- [Dataset extract]:
Section reflection.
Context {R : realType}.
Local Notation mu := (@lebesgue_measure R).

Lemma lebesgue_measure_oppr_preimageIcc (E : set R) (a b : R) : measurable E ->
  mu ((-%R @^-1` E) `&` `[a, b]) = mu (E `&` `[- b, - a]).
Proof.
move=> mE; rewrite -[RHS]lebesgue_measureN; last exact: measurableI.
by rewrite /pushforward preimage_setI opp_preimage_itvbndbnd /= !opprK.
Qed.

Lemma sparse_left_interval (E : set R) (x0 eta rho : R) : measurable E ->
  weakly_nowhere_dense E -> E x0 -> 0 < eta -> 0 < rho ->
  exists y r, [/\ E y, x0 - eta < y <= x0, 0 < r, r < rho &
    (mu (E `&` `[(y - r)%R, y]) < (r / 2)%:E)%E].
Proof.
move=> mE wndE Ex0 eta0 rho0; pose F := -%R @^-1` E.
have muF a b : mu (F `&` `[a, b]) = mu (E `&` `[- b, - a]).
  exact: lebesgue_measure_oppr_preimageIcc.
have mF : measurable F by rewrite -[F]setTI; exact: oppr_measurable.
have wndF : weakly_nowhere_dense F.
  by move=> a b ab; rewrite muF (_ : b - a = - a - - b) ?wndE ?ltrN2 //; lra.
have Fx0 : F (- x0) by rewrite /F /= opprK.
have [y [r [Fy /andP[x0y yx0] r0 r_rho Fr]]] :=
  sparse_right_interval mF wndF Fx0 eta0 rho0.
exists (- y), r; split => //; first by apply/andP; split; lra.
by move: Fr; rewrite muF opprD.
Qed.

End reflection.

Section sparse_points.
Context {R : realType}.
Local Notation mu := (@lebesgue_measure R).
Variable E : set R.
Hypothesis mE : measurable E.

Definition left_sparse (x r : R) := (mu (E `&` `[(x - r)%R, x]) <= (r * 3 / 4)%:E)%E.
Definition right_sparse (x r : R) := (mu (E `&` `[x, (x + r)%R]) <= (r * 3 / 4)%:E)%E.

Lemma measureIcc_shift (a w r d : R) : 0 <= r -> a - d <= w <= a + d ->
  (mu (E `&` `[w, (w + r)%R]) <= mu (E `&` `[a, (a + r)%R]) + (d *+ 2)%:E)%E.
Proof.
move=> r0 /andP[adw wad]; have d0 : 0 <= d by lra.
apply: le_trans (measureIcc_widen mE d0 (_ : a <= a + r)); last lra.
apply: le_measure; rewrite ?inE; [exact: measurableI|exact: measurableI|].
by apply: setIS => x; rewrite /= !in_itv /= => /andP[wx xwr]; apply/andP; split; lra.
Qed.

Lemma right_sparse_near (y r w : R) : 0 < r ->
  (mu (E `&` `[y, (y + r)%R]) < (r / 2)%:E)%E -> y - r / 8 <= w <= y + r / 8 ->
  right_sparse w r.
Proof.
move=> r0 Er wy; apply: le_trans (measureIcc_shift (ltW r0) wy) _.
by apply: le_trans (leeD (ltW Er) (lexx _)) _; rewrite -EFinD lee_fin; lra.
Qed.

Lemma left_sparse_near (y r w : R) : 0 < r ->
  (mu (E `&` `[(y - r)%R, y]) < (r / 2)%:E)%E -> y - r / 8 <= w <= y + r / 8 ->
  left_sparse w r.
Proof.
move=> r0 Er /andP[wl wr].
have shift x : `[x - r, x]%classic = `[x - r, x - r + r]%classic by rewrite subrK.
rewrite /left_sparse shift; rewrite shift in Er.
by apply: right_sparse_near Er _ => //; apply/andP; split; lra.
Qed.

Hypothesis wndE : weakly_nowhere_dense E.

Lemma sparse_step (x0 eta rhoL rhoR : R) : E x0 -> 0 < eta -> 0 < rhoL -> 0 < rhoR ->
  exists c d rL rR, [/\ E c /\ 0 < d, x0 - eta <= c - d /\ c + d <= x0 + eta,
    0 < rL < rhoL, 0 < rR < rhoR &
    forall w, c - d <= w <= c + d -> left_sparse w rL /\ right_sparse w rR].
Proof.
move=> Ex0 eta0 rhoL0 rhoR0; have eta20 : 0 < eta / 2 by lra.
have [y [rL [Ey /andP[y_gt y_le] rL0 rL_lt ErL]]] :=
  sparse_left_interval mE wndE Ex0 eta20 rhoL0.
have rL80 : 0 < rL / 8 by lra.
have [e0 e_rL e_eta] := minr_gt0_le rL80 eta20.
set e := Num.min _ _ in e0 e_rL e_eta.
have [c [rR [Ec /andP[y_c c_lt] rR0 rR_lt ErR]]] := sparse_right_interval mE wndE Ey e0 rhoR0.
have rR80 : 0 < rR / 8 by lra.
have ce0 : 0 < y + e - c by lra.
have [d0 d_rR d_ce] := minr_gt0_le rR80 ce0.
set d := Num.min _ _ in d0 d_rR d_ce.
exists c, d, rL, rR; split; [by []|split; lra|by rewrite rL0|by rewrite rR0|].
move=> w /andP[cdw wcd]; split.
- by apply: left_sparse_near ErL _ => //; apply/andP; split; lra.
- by apply: right_sparse_near ErR _ => //; apply/andP; split; lra.
Qed.

End sparse_points.

Lemma nested_itv_common_point {R : realType} (A B : R ^nat) :
  nondecreasing_seq A -> nonincreasing_seq B -> (forall n, A n <= B n) ->
  exists x, forall n, A n <= x <= B n.
Proof.
move=> ndA niB AB.
have AleB n m : A n <= B m.
  apply: le_trans (ndA _ _ (leq_maxl n m)) _.
  exact: le_trans (AB _) (niB _ _ (leq_maxr n m)).
exists (sup (range A)) => n; apply/andP; split.
- by apply: ub_le_sup; [exists (B 0%N) => _ [m _ <-] | exists n].
- by apply: ge_sup; [exists (A 0%N), 0%N | move=> _ [m _ <-]].
Qed.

- [Try it]:
All that is wanted is a faithful reproduction of the line above with "have wndF : weakly_nowhere_dense F.", the line with "Hypothesis wndE : weakly_nowhere_dense E.", and every line in between.

- [Solution to this exercise]:
have wndF : weakly_nowhere_dense F.
  by move=> a b ab; rewrite muF (_ : b - a = - a - - b) ?wndE ?ltrN2 //; lra.
have Fx0 : F (- x0) by rewrite /F /= opprK.
have [y [r [Fy /andP[x0y yx0] r0 r_rho Fr]]] :=
  sparse_right_interval mF wndF Fx0 eta0 rho0.
exists (- y), r; split => //; first by apply/andP; split; lra.
by move: Fr; rewrite muF opprD.
Qed.

End reflection.

Section sparse_points.
Context {R : realType}.
Local Notation mu := (@lebesgue_measure R).
Variable E : set R.
Hypothesis mE : measurable E.

Definition left_sparse (x r : R) := (mu (E `&` `[(x - r)%R, x]) <= (r * 3 / 4)%:E)%E.
Definition right_sparse (x r : R) := (mu (E `&` `[x, (x + r)%R]) <= (r * 3 / 4)%:E)%E.

Lemma measureIcc_shift (a w r d : R) : 0 <= r -> a - d <= w <= a + d ->
  (mu (E `&` `[w, (w + r)%R]) <= mu (E `&` `[a, (a + r)%R]) + (d *+ 2)%:E)%E.
Proof.
move=> r0 /andP[adw wad]; have d0 : 0 <= d by lra.
apply: le_trans (measureIcc_widen mE d0 (_ : a <= a + r)); last lra.
apply: le_measure; rewrite ?inE; [exact: measurableI|exact: measurableI|].
by apply: setIS => x; rewrite /= !in_itv /= => /andP[wx xwr]; apply/andP; split; lra.
Qed.

Lemma right_sparse_near (y r w : R) : 0 < r ->
  (mu (E `&` `[y, (y + r)%R]) < (r / 2)%:E)%E -> y - r / 8 <= w <= y + r / 8 ->
  right_sparse w r.
Proof.
move=> r0 Er wy; apply: le_trans (measureIcc_shift (ltW r0) wy) _.
by apply: le_trans (leeD (ltW Er) (lexx _)) _; rewrite -EFinD lee_fin; lra.
Qed.

Lemma left_sparse_near (y r w : R) : 0 < r ->
  (mu (E `&` `[(y - r)%R, y]) < (r / 2)%:E)%E -> y - r / 8 <= w <= y + r / 8 ->
  left_sparse w r.
Proof.
move=> r0 Er /andP[wl wr].
have shift x : `[x - r, x]%classic = `[x - r, x - r + r]%classic by rewrite subrK.
rewrite /left_sparse shift; rewrite shift in Er.
by apply: right_sparse_near Er _ => //; apply/andP; split; lra.
Qed.

Hypothesis wndE : weakly_nowhere_dense E.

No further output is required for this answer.